Published: 00:00, 09 November 2006
TWO amphibious cars were driven across the Channel from Dover to Calais on Monday, setting a new record, and highlighting a dispute a Kent landowner has with the Environment Agency.
Doug Hilton, who runs the Buckland Lake Reserve on the Thames Estuary at Cliffe, near Rochester, wants to put clean soil in the lake to strengthen banks which support roads around the reserve.
But the Environment Agency is insisting on restrictions which mean Mr Hilton could be liable to pay Landfill Tax, and could cost him £2.5 million.
"When I took the reserve on five years ago I thought it would cost me £40,000. So far it has cost me £230,000," he said.
He has been in dispute with the agency for four years.
"I want a meeting with top agency executives to sort it out, but nothing has happened.
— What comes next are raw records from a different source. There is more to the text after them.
(* In the first-best problem, denote by $x$ the Agent's reservation value, and let $\lambda_{Lag}(x)$ be the Lagrange multiplier, solution of $G(\lambda_{Lag})=x$ where $$G(\lambda_{Lag})=\int_0^\infty e^{-\lambda s}\left(U\Big((U')^{-1}\big(\tfrac{1}{\lambda_{Lag}}e^{(\lambda-\delta)s}\big)\Big)-h\Big(\big(\tfrac{h'}{\varphi'}\big)^{-1}\big(\tfrac{1}{\lambda_{Lag}}e^{(\lambda-\delta)s}\big)\vee 0\Big)\right)ds,$$ and set $R_t^*(x)=(U')^{-1}\big(\tfrac{1}{\lambda_{Lag}(x)}e^{(\lambda-\delta)t}\big)$, $A_t^*(x)=(\tfrac{h'}{\varphi'})^{-1}\big(\tfrac{1}{\lambda_{Lag}(x)}e^{(\lambda-\delta)t}\big)\vee0$ and $H_t(x)=\varphi(A^*_t(x))-R^*_t(x)$. In the non-degenerate case $\tau^*\neq0$ (the optimal stopping time of the first-best problem is not $0$): (1) for each $t$, the optimal rent $R^*_t(x)$ is increasing and the optimal effort $A^*_t(x)$ is decreasing with respect to $x$; (2) for each $t$, the function $x\mapsto H_t(x)$ is decreasing.
   Context: First-best problem: maximize $\mathbb{E}[\int_0^\tau e^{-\delta s}(\varphi(A_s)-R_s)ds-e^{-\delta\tau}\xi]$ over quadruplets $(R,\tau,\xi,A)$ with $R,A\ge0$ progressively measurable with respect to the Brownian filtration $\mathbb{F}$, $\tau$ an $\mathbb{F}$-stopping time, $\xi\ge0$ $\mathcal{F}_\tau$-measurable (with suitable integrability), subject to the reservation constraint $\mathbb{E}[\int_0^\tau e^{-\lambda s}(U(R_s)-h(A_s))ds+e^{-\lambda\tau}U(\xi)]\ge x$, where $x>0$. Standing assumptions: $\varphi:[0,\infty)\to[0,\infty)$ is $C^2$, strictly concave, bounded, increasing, $\varphi(0)=0$, $\varphi'(0)>0$; $U:[0,\infty)\to[0,\infty)$ is $C^2$, strictly concave, increasing, $U(0)=0$, $U'(\infty)=0$, $U'(0)=\infty$; $h:[0,\infty)\to[0,\infty)$ is $C^2$, strictly convex, increasing, $h(0)=0$, $h'(0)>0$; $\lambda\ge\delta>0$. The notation $(h'/\varphi')^{-1}(y)\vee0$ means the inverse of $h'/\varphi'$ at $y$ when defined and nonnegative, and $0$ otherwise. *)

From HB Require Import structures.
From mathcomp Require Import all_boot all_order all_algebra.
From mathcomp Require Import all_classical all_reals all_analysis.
Set Implicit Arguments. Unset Strict Implicit. Unset Printing Implicit Defensive.
Import Order.TTheory GRing.Theory Num.Theory.
Import numFieldNormedType.Exports.
Local Open Scope classical_set_scope.
Local Open Scope ring_scope.

Section FirstBest.
Variable R : realType.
If I was in France, there would be no problem."
So after staging a protest on Dover seafront on Monday morning with a manner calling for action, he set off for France, in an amphibious vehicle, a Dutton Commander, which he normally uses to get around his lake.
With him, driving an identical vehicle, was Tim Dutton, of Littlehampton, who manufactures the craft.
And attached to the top of Mr Hilton’s vehicle was Percy, a plastic goose. "I thought it appropriate that the ultimate amphibian should accompany us."
Mr Hilton said the only previous attempt by two cars to make such a crossing was in 1965 when one of them had to be towed ashore. He said he hoped to make it in five hours.
With pilot Lance Oram escorting them in a safety boat, Mr Hilton and Mr Dutton drove into the water from the slipway at Dover beach, and set off for France.
They drove ashore on Calais beach seven hours and nine minutes later.